In rare diseases, it is even more important and promising than in larger trials to extract as much information as possible from between-patient trials. This has been addressed trough a number of ways, e.g. making efficient use of covariates. We explored machine learning techniques, where the number of values of a response variable can be very high and reducing the values by clustering improves performance. The aim is to formulate a prediction model, i.e. select appropriate covariates. We developed an algorithm that simultaneously groups the values of a response variable into a limited number of clusters and selects stepwise the best covariates that discriminate this clustering [76]. However, care has to be taken to the selection of the covariates.

In summary, we developed approaches to planning and analyzing trials for identifying individual response and examining treatment effects in small populations.
  1. Recommendation 26.

    For the analysis of N-of-1 trials, we recommend using an approach that is a modified fixed-effects meta-analysis for the case where establishing that the treatment works is the objective, and an approach through mixed models if variation in response to treatment is to be studied [75].

  2. Recommendation 27.

    When conducting a series of N-of-1 trials we recommend paying close attention to the purpose of the study and calculating the sample size accordingly using the approach provided in detail in Senn [11].

  3. Recommendation 28.

    We recommend that response should not be defined using arbitrary and naïve dichotomies but that it should be analysed carefully paying due attention to components of variance and where possible using designs to identify them [77].

  4. Recommendation 29.

    When analyzing between-patient studies, we recommend avoiding information-destroying transformations (such as dichotomies) and exploiting the explanatory power of covariates, which may be identified from ancillary studies and patient databases.
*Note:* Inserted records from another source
(* $\mathcal{H}_{N}'$ is generated as a Lie algebra by the elements $h_{\pm e_i}$ ($1\le i\le N$) and $h_{\pm e_j\pm e_k}$ ($1\le j<k\le N$).
   Context: $\mathbb{K}$ is an algebraically closed field of characteristic zero, $N=2m\ge2$ even, $e_1,\dots,e_N$ the standard basis of $\mathbb{Z}^N\subset\mathbb{K}^N$, $(\cdot,\cdot)$ the bilinear form with $(e_i,e_j)=\delta_{ij}$. Let $A_N=\mathbb{K}[t_1^{\pm1},\dots,t_N^{\pm1}]$, $d_i=t_i\frac{\partial}{\partial t_i}$, $t^{\bm r}=t_1^{r_1}\cdots t_N^{r_N}$, $D(u,\bm r)=\sum_i u_it^{\bm r}d_i$. Let $\bm J=\begin{pmatrix} O_m & I_m\\ -I_m & O_m\end{pmatrix}$, $\overline{\bm r}=\bm J\bm r$, $h_{\bm r}=D(\overline{\bm r},\bm r)$ (so $h_{\bm 0}=0$). $\mathcal{H}_N'=\operatorname{span}_{\mathbb{K}}\{h_{\bm r}:\bm r\in\mathbb{Z}^N\setminus\{\bm0\}\}$ is the Lie algebra with bracket $[h_{\bm r},h_{\bm s}]=(\overline{\bm r},\bm s)h_{\bm r+\bm s}$ (derived subalgebra of the Hamiltonian Lie algebra). *)

From HB Require Import structures.
From mathcomp Require Import all_boot all_order all_algebra.
From mathcomp Require Import finmap.
From mathcomp.multinomials Require Import monalg.
Set Implicit Arguments. Unset Strict Implicit. Unset Printing Implicit Defensive.
Import Order.TTheory GRing.Theory Num.Theory.
Local Open Scope ring_scope.

(* N = m + m.  Lattice points r in Z^N are row vectors 'rV[int]_(m+m). *)
Definition latt (m : nat) := 'rV[int]_(m + m).

Definition Jmx (m : nat) : 'M[int]_(m + m) := block_mx 0 1%:M (-1%:M) 0.

Definition rbar m (r : latt m) : latt m := (Jmx m *m r^T)^T.

Definition dotK (K : fieldType) m (u v : latt m) : K :=
  \sum_(i < m + m) ((u 0 i) * (v 0 i))%:~R.

Definition ee m (i : 'I_(m + m)) : latt m := delta_mx 0 i.

(* The ambient vector space: finitely supported K-linear combinations of
   symbols h_r, r in Z^N.  H'_N is the subspace with zero coefficient at r = 0
   (h_0 = 0). *)
Definition Hspace (K : fieldType) m := {malg K[latt m]}.

Definition hb (K : fieldType) m (r : latt m) : Hspace K m :=
  if r == 0 then 0 else << (1 : K) *g r >>.

Definition inH (K : fieldType) m (x : Hspace K m) : Prop := x@_0 = 0.

Definition hbr (K : fieldType) m (x y : Hspace K m) : Hspace K m :=
  \sum_(r <- msupp x) \sum_(s <- msupp y)
     (x@_r * y@_s * dotK K (rbar r) s) *: hb K (r + s).

Inductive lie_gen (K : fieldType) m (S : Hspace K m -> Prop) : Hspace K m -> Prop :=
  | lg_gen x : S x -> lie_gen S x
  | lg_zero : lie_gen S 0
  | lg_add x y : lie_gen S x -> lie_gen S y -> lie_gen S (x + y)
  | lg_scale (c : K) x : lie_gen S x -> lie_gen S (c *: x)
  | lg_br x y : lie_gen S x -> lie_gen S y -> lie_gen S (hbr x y).

Definition gens (K : fieldType) m (x : Hspace K m) : Prop :=
  (exists (i : 'I_(m + m)) (a : int), (a == 1) || (a == -1) /\ x = hb K (a *: ee i))
  \/ (exists (j k : 'I_(m + m)) (a b : int),
        [/\ (j < k)%N, (a == 1) || (a == -1), (b == 1) || (b == -1)
          & x = hb K (a *: ee j + b *: ee k)]).

(* Write omega(s, t) := (sbar, t) for the symplectic form of J, so that
   [h_s, h_t] = omega(s, t) h_(s+t).  In characteristic zero, h_s and h_t in
   the generated subalgebra with omega(s, t) <> 0 therefore put h_(s+t) there
   too.  Every r <> 0 is reached by induction on the weight 2 |r|_1 + b(r),
   where b(r) = 0 if some coordinate r_i and its J-partner r_(i +- m) are both
   nonzero and b(r) = 1 otherwise.  If such a pair exists, removing one unit
   from r_(i +- m) lowers |r|_1; if not, removing e_(i +- m) + e_q for any
   nonzero r_i and r_q keeps |r|_1 but creates such a pair, unless r = +-e_i
   is itself a generator.  In both cases the removed generator s satisfies
   omega(s, r) <> 0. *)
From HB Require Import structures.
From mathcomp Require Import all_boot all_order all_algebra.
From mathcomp Require Import finmap.
From mathcomp.multinomials Require Import monalg.
From mathcomp Require Import zify ring.
Set Implicit Arguments. Unset Strict Implicit. Unset Printing Implicit Defensive.
Import Order.TTheory GRing.Theory Num.Theory.
Local Open Scope ring_scope.

Lemma malgU_scale (G : ringType) (T : choiceType) (c : G) (k : T) :
  << c *g k >> = c *: << 1 *g k >>.
Proof. by apply/malgP => k'; rewrite mcoeffZ !mcoeffU mulr_natr. Qed.

Section Hamiltonian.
Variables (K : fieldType) (m : nat).
Implicit Types (r s : latt m) (x y : Hspace K m) (S : Hspace K m -> Prop).

Lemma hb0 : hb K (0 : latt m) = 0.
Proof. by rewrite /hb eqxx. Qed.

Lemma hbE r : r != 0 -> hb K r = << (1 : K) *g r >>.
Proof. by rewrite /hb => /negbTE ->. Qed.

Lemma hb_inH r : inH (hb K r).
Proof.
rewrite /inH /hb; case: eqP => [_ | /eqP r_neq0]; first by rewrite mcoeff0.
by rewrite mcoeffU (negbTE r_neq0).
Qed.

Lemma hbr_inH x y : inH (hbr x y).
Proof.
rewrite /inH /hbr raddf_sum big1 // => r _; rewrite raddf_sum big1 // => s _.
by rewrite /= mcoeffZ hb_inH mulr0.
Qed.

Lemma hbr_hb r s : r != 0 -> s != 0 ->
  hbr (hb K r) (hb K s) = dotK K (rbar r) s *: hb K (r + s).
Proof.
move=> r_neq0 s_neq0; rewrite /hbr (hbE r_neq0) (hbE s_neq0) !msuppU oner_eq0.
by rewrite !big_seq_fset1 !mcoeffUU !mul1r.
Qed.

Lemma gens_inH x : gens x -> inH x.
Proof. by case=> [[i [a [_ ->]]] | [j [k [a [b [_ _ _ ->]]]]]]; apply: hb_inH. Qed.

Lemma lie_gen_inH S x : (forall y, S y -> inH y) -> lie_gen S x -> inH x.
Proof.
move=> S_inH; rewrite /inH; elim=> {x} [x /S_inH // | | x y _ x0 _ y0 | c x _ x0 |].
- by rewrite mcoeff0.
- by rewrite mcoeffD x0 y0 addr0.
- by rewrite mcoeffZ x0 mulr0.
- by move=> x y _ _ _ _; apply: hbr_inH.
Qed.

Lemma inH_lie_gen S x : (forall r, lie_gen S (hb K r)) -> inH x -> lie_gen S x.
Proof.
rewrite /inH => S_hb x0; rewrite [x]monalgE big_seq.
apply: (big_ind (lie_gen S)); [exact: lg_zero | exact: lg_add |] => r r_supp.
have r_neq0 : r != 0 by apply: contraTneq r_supp => ->; rewrite -mcoeff_neq0 x0 eqxx.
rewrite malgU_scale -hbE //.
exact/lg_scale/S_hb.
Qed.

End Hamiltonian.

Section Symplectic.
Variable m : nat.
Implicit Types (u v w : latt m) (i : 'I_(m + m)).

Definition jmate i : 'I_(m + m) :=
  match split i with inl j => rshift m j | inr j => lshift m j end.

Definition jsign i : int := match split i with inl _ => 1 | inr _ => -1 end.

Lemma ord_splitP i : (exists j, i = lshift m j) \/ (exists j, i = rshift m j).
Proof. by rewrite -(splitK i); case: (split i) => j; [left | right]; exists j. Qed.

Lemma jmate_lshift j : jmate (lshift m j) = rshift m j.
Proof. by rewrite /jmate (unsplitK (inl _ j)). Qed.

Lemma jmate_rshift j : jmate (rshift m j) = lshift m j.
Proof. by rewrite /jmate (unsplitK (inr _ j)). Qed.

Lemma jsign_lshift j : jsign (lshift m j) = 1.
Proof. by rewrite /jsign (unsplitK (inl _ j)). Qed.

Lemma jsign_rshift j : jsign (rshift m j) = -1.
Proof. by rewrite /jsign (unsplitK (inr _ j)). Qed.

Lemma jmateK : involutive jmate.
Proof.
by move=> i; case: (ord_splitP i) => [[j ->] | [j ->]];
  rewrite ?(jmate_lshift, jmate_rshift).
Qed.

Lemma jsign_jmate i : jsign (jmate i) = - jsign i.
Proof.
case: (ord_splitP i) => [[j ->] | [j ->]];
  by rewrite ?jmate_lshift ?jmate_rshift ?jsign_lshift ?jsign_rshift ?opprK.
Qed.

Lemma jmate_neq i : jmate i != i.
Proof.
case: (ord_splitP i) => [[j ->] | [j ->]]; rewrite ?jmate_lshift ?jmate_rshift;
  by apply/eqP => /(congr1 val) /=; have := ltn_ord j; lia.
Qed.

Lemma jsign_neq0 i : jsign i != 0.
Proof. by case: (ord_splitP i) => [[j ->] | [j ->]]; rewrite ?jsign_lshift ?jsign_rshift. Qed.

Lemma rbarE u i : rbar u 0 i = jsign i * u 0 (jmate i).
Proof.
rewrite /rbar -[u]hsubmxK tr_row_mx /Jmx mul_block_col !mul0mx !mul1mx mulNmx.
rewrite mul1mx add0r addr0 tr_col_mx !trmxK.
case: (ord_splitP i) => [[j ->] | [j ->]].
  by rewrite row_mxEl jmate_lshift jsign_lshift mul1r row_mxEr.
by rewrite row_mxEr jmate_rshift jsign_rshift row_mxEl mulN1r !mxE.
Qed.

Definition symp u v : int := \sum_i jsign i * u 0 (jmate i) * v 0 i.

Lemma dotK_rbar (K : fieldType) u v : dotK K (rbar u) v = (symp u v)%:~R.
Proof. by rewrite /dotK /symp rmorph_sum; apply: eq_bigr => i _; rewrite rbarE. Qed.

Lemma symp0l v : symp 0 v = 0.
Proof. by rewrite /symp big1 // => i _; rewrite mxE mulr0 mul0r. Qed.

Lemma symp0r u : symp u 0 = 0.
Proof. by rewrite /symp big1 // => i _; rewrite mxE mulr0. Qed.

Lemma sympDl u v w : symp (u + v) w = symp u w + symp v w.
Proof. by rewrite /symp -big_split; apply: eq_bigr => i _; rewrite mxE /=; ring. Qed.

Lemma sympZl c u v : symp (c *: u) v = c * symp u v.
Proof. by rewrite /symp mulr_sumr; apply: eq_bigr => i _; rewrite mxE /=; ring. Qed.

Lemma sympBr u v w : symp u (v - w) = symp u v - symp u w.
Proof. by rewrite /symp -sumrB; apply: eq_bigr => i _; rewrite !mxE /=; ring. Qed.

Lemma symp_ee a v : symp (ee a) v = jsign (jmate a) * v 0 (jmate a).
Proof.
rewrite /symp (bigD1 (jmate a)) //= big1 ?addr0 => [|i i_neq].
  by rewrite mxE jmateK !eqxx mulr1.
rewrite mxE eqxx; case: eqP => [a_eq | _]; last by rewrite mulr0 mul0r.
by move: i_neq; rewrite -a_eq jmateK eqxx.
Qed.

Lemma symp_self u : symp u u = 0.
Proof.
have : symp u u = - symp u u.
  rewrite {1}/symp (reindex_inj (inv_inj jmateK)) -sumrN.
  by apply: eq_bigr => i _; rewrite jmateK jsign_jmate; ring.
lia.
Qed.

Lemma symp_subr_self u v : symp u (v - u) = symp u v.
Proof. by rewrite sympBr symp_self subr0. Qed.

End Symplectic.

Section WeightReduction.
Variable m : nat.
Implicit Types (r s t : latt m) (a b p q : 'I_(m + m)) (c d : int).

Definition unit_int c := (c == 1) || (c == -1).

Definition gen_vec r :=
  (exists a c, unit_int c /\ r = c *: ee a)
  \/ (exists a b c d, [/\ a != b, unit_int c, unit_int d & r = c *: ee a + d *: ee b]).

Definition norm1 r : nat := \sum_i absz (r 0%R i).

Definition has_jpair r := [exists i, (r 0 i != 0) && (r 0 (jmate i) != 0)].

Definition weight r : nat := (2 * norm1 r + ~~ has_jpair r)%N.

Definition splits r :=
  exists s, [/\ gen_vec s, (weight (r - s)%R < weight r)%N & symp s r != 0].

Lemma sgr_unit c : c != 0 -> unit_int (Num.sg c).
Proof. by rewrite /unit_int; case: sgrP. Qed.

Lemma abszB_sgr c : c != 0 -> (absz (c - Num.sg c) + 1 = absz c)%N.
Proof. by case: sgrP => // c_sign _; lia. Qed.

Lemma norm1_update r t a : (forall i, i != a -> t 0 i = r 0 i) ->
  (norm1 t + absz (r 0%R a) = norm1 r + absz (t 0%R a))%N.
Proof.
move=> t_off; rewrite /norm1 (bigD1 a) // [in RHS](bigD1 a) //=.
by rewrite (eq_bigr (fun i => absz (r 0 i))) => [|i /t_off ->]; first lia.
Qed.

Lemma weight_subr_lt r s :
  (norm1 (r - s)%R < norm1 r)%N -> (weight (r - s)%R < weight r)%N.
Proof. by rewrite /weight; case: (has_jpair _); case: (has_jpair _) => /=; lia. Qed.

Lemma weight_subr_jpair r s : ~~ has_jpair r -> has_jpair (r - s) ->
  norm1 (r - s) = norm1 r -> (weight (r - s)%R < weight r)%N.
Proof. by rewrite /weight => /negbTE-> -> ->; lia. Qed.

Lemma splits_jpair r i : r 0 i != 0 -> r 0 (jmate i) != 0 -> splits r.
Proof.
set a := jmate i => ri_neq0 ra_neq0; set c : int := Num.sg (r 0 a).
exists (c *: ee a); split.
- by left; exists a, c; split; first exact: sgr_unit.
- apply: weight_subr_lt; set t := r - _.
  have tE j : t 0 j = r 0 j - c * (j == a)%:R by rewrite /t !mxE eqxx.
  have t_off j : j != a -> t 0 j = r 0 j by rewrite tE => /negbTE->; rewrite mulr0 subr0.
  have := norm1_update t_off; have := abszB_sgr ra_neq0.
  by rewrite tE eqxx mulr1 -/c; lia.
- by rewrite sympZl symp_ee /a jmateK !mulf_neq0 ?jsign_neq0 ?sgr_eq0.
Qed.

Lemma splits_no_jpair r p q : ~~ has_jpair r -> r 0 p != 0 -> r 0 q != 0 ->
  (q != p) || (1 < absz (r 0%R p))%N -> splits r.
Proof.
move=> no_jpair rp_neq0 rq_neq0 q_p.
have r_jmate i : r 0 i != 0 -> r 0 (jmate i) = 0.
  by move=> ri_neq0; apply/eqP; move/existsPn/(_ i): no_jpair; rewrite ri_neq0 negbK.
have mate_neq_q : jmate p != q by apply: contraNneq rq_neq0 => <-; rewrite r_jmate.
set d : int := Num.sg (r 0 q).
exists (1 *: ee (jmate p) + d *: ee q); split.
- by right; exists (jmate p), q, 1, d; split; rewrite // sgr_unit.
- set t := r - _; set r1 := r - d *: ee q.
  have r1E j : r1 0 j = r 0 j - d * (j == q)%:R by rewrite /r1 !mxE eqxx.
  have tE j : t 0 j = r1 0 j - (j == jmate p)%:R by rewrite /t r1E !mxE eqxx /=; ring.
  have r1_off j : j != q -> r1 0 j = r 0 j by rewrite r1E => /negbTE->; rewrite mulr0 subr0.
  have t_off j : j != jmate p -> t 0 j = r1 0 j by rewrite tE => /negbTE->; rewrite subr0.
  have r1_mate : r1 0 (jmate p) = 0 by rewrite r1_off ?r_jmate.
  have t_mate : t 0 (jmate p) = -1 by rewrite tE r1_mate eqxx sub0r.
  have := abszB_sgr rq_neq0; rewrite -/d => absz_rq.
  apply: weight_subr_jpair => //.
    apply/existsP; exists p; rewrite t_mate oppr_eq0 oner_eq0 andbT.
    rewrite t_off 1?eq_sym ?jmate_neq // r1E.
    by case: (eqVneq q p) q_p => [<- | _] /=; rewrite ?mulr1 ?mulr0 ?subr0 //; lia.
  have := norm1_update t_off; have := norm1_update r1_off.
  by rewrite -/t t_mate r1_mate r1E eqxx mulr1; lia.
- rewrite sympDl !sympZl !symp_ee jmateK r_jmate // mulr0 mulr0 addr0 mul1r.
  by rewrite mulf_neq0 ?jsign_neq0.
Qed.

Lemma gen_vec_or_splits r : r != 0 -> gen_vec r \/ splits r.
Proof.
move=> r_neq0; have [p rp_neq0] : exists p, r 0 p != 0.
  apply/existsP; apply: contraNT r_neq0 => /existsPn r0.
  by apply/eqP/matrixP => i j; rewrite ord1 mxE; apply/eqP/negPn/r0.
case: (boolP (has_jpair r)) => [/existsP[i /andP[ri rmi]] | no_jpair].
  by right; apply: splits_jpair ri rmi.
case: (boolP [exists q, (r 0 q != 0) && ((q != p) || (1 < absz (r 0%R p))%N)]).
  by case/existsP => q /andP[rq q_p]; right; apply: splits_no_jpair q_p.
move/existsPn => single; left; left; exists p, (r 0 p); split.
  by move: (single p); rewrite rp_neq0 eqxx /= -leqNgt /unit_int; lia.
apply/matrixP => i j; rewrite ord1 !mxE eqxx /=.
case: (eqVneq j p) => [-> | j_p]; first by rewrite mulr1.
by move: (single j); rewrite j_p /= andbT negbK mulr0 => /eqP.
Qed.

End WeightReduction.

Lemma intr_neq0_pchar0 (R : idomainType) (z : int) :
  [pchar R] =i pred0 -> z != 0 -> z%:~R != 0 :> R.
Proof.
move=> /(pcharf0P R) natr_eq0; case: z => n n_neq0; first by rewrite -pmulrn natr_eq0.
by rewrite NegzE mulrNz oppr_eq0 -pmulrn natr_eq0.
Qed.

Section Generation.
Variables (K : fieldType) (m : nat).
Hypothesis charK0 : [pchar K] =i pred0.
Implicit Types (r s t : latt m) (S : Hspace K m -> Prop).

Lemma gens_hb r : gen_vec r -> gens (hb K r).
Proof.
case=> [[a [c [c_unit ->]]] | [a [b [c [d [a_neq_b c_unit d_unit ->]]]]]].
  by left; exists a, c.
right; case: (ltngtP a b) => [a_lt_b | b_lt_a | /val_inj a_eq_b].
- by exists a, b, c, d.
- by exists b, a, d, c; rewrite addrC.
- by rewrite a_eq_b eqxx in a_neq_b.
Qed.

Lemma lie_gen_hbD S s t : lie_gen S (hb K s) -> lie_gen S (hb K t) ->
  symp s t != 0 -> lie_gen S (hb K (s + t)).
Proof.
move=> Ss St st_neq0.
have s_neq0 : s != 0 by apply: contraNneq st_neq0 => ->; rewrite symp0l.
have t_neq0 : t != 0 by apply: contraNneq st_neq0 => ->; rewrite symp0r.
have st_unit : (symp s t)%:~R != 0 :> K by apply: intr_neq0_pchar0.
have -> : hb K (s + t) = (symp s t)%:~R^-1 *: hbr (hb K s) (hb K t).
  by rewrite hbr_hb // dotK_rbar scalerA mulVf // scale1r.
exact/lg_scale/lg_br.
Qed.

Lemma lie_gen_hb r : lie_gen (@gens K m) (hb K r).
Proof.
elim: (weight r).+1 {-2}r (ltnSn (weight r)) => // n IH {}r r_weight.
case: (eqVneq r 0) => [-> | /gen_vec_or_splits[r_gen | [s [s_gen s_weight s_r]]]].
- by rewrite hb0; apply: lg_zero.
- exact/lg_gen/gens_hb.
- have -> : r = s + (r - s) by rewrite addrC subrK.
  apply: lie_gen_hbD; first exact/lg_gen/gens_hb.
    exact: IH (leq_trans s_weight r_weight).
  by rewrite symp_subr_self.
Qed.

End Generation.

Theorem lemma4p1 (K : closedFieldType) (m : nat)
  (charK0 : [pchar K] =i pred0) (m_pos : (0 < m)%N) :
  (forall x : Hspace K m, lie_gen (@gens K m) x -> inH x) /\
  (forall x : Hspace K m, inH x -> lie_gen (@gens K m) x).
Proof.
split=> x; first exact/lie_gen_inH/gens_inH.
by apply: inH_lie_gen => r; apply: lie_gen_hb charK0 r.
Qed.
As stated in the CHMP guidance [1] it is recommended to use as much information as possible to improve the design. IDeAl follows this advice extensively, and as one first aspect investigated options and methods for extrapolation.

In this context regression models are a very important tool to provide dose-response information. In many cases the question occurs whether two dose response curves can be assumed to be identical. This problem also appears in the situation of detecting non-inferiority and/or equivalence of different treatments [78].

We derived new statistical procedures addressing the problem of comparing curves and extrapolating information, with a particular focus on trials with small sample sizes.

We improved the previous standard, less powerful methodology for comparing two such curves [79], and showed that the efficiency can be considerably increased using a bootstrap approach. Additionally, we developed a new statistical test for the hypothesis of similarity of dose response curves. The test decides for equivalence of the curves if an estimate of a distance is smaller than a given threshold, which is obtained by a (non-standard) constrained parametric bootstrap procedure [80]. A corresponding R package “TestingSimilarity” was developed [72, 81].

Further the Minimum Effective Dose (MED) metric [82] was used to measure for similarity of dose-response by claim for equivalence (to a certain amount) of information from the source and the target population. Confidence intervals and statistical tests were developed for this metric [83]. We further could show the very robust performance of all derived methodologies [84]. Finally, optimal designs for the comparison of curves have been developed, which minimizes the maximum width of the confidence band for the difference between two regression functions. In particular, it was demonstrated that the application of optimal designs instead of commonly used designs yields a reduction of the width of the confidence band by more than 50% [85, 86].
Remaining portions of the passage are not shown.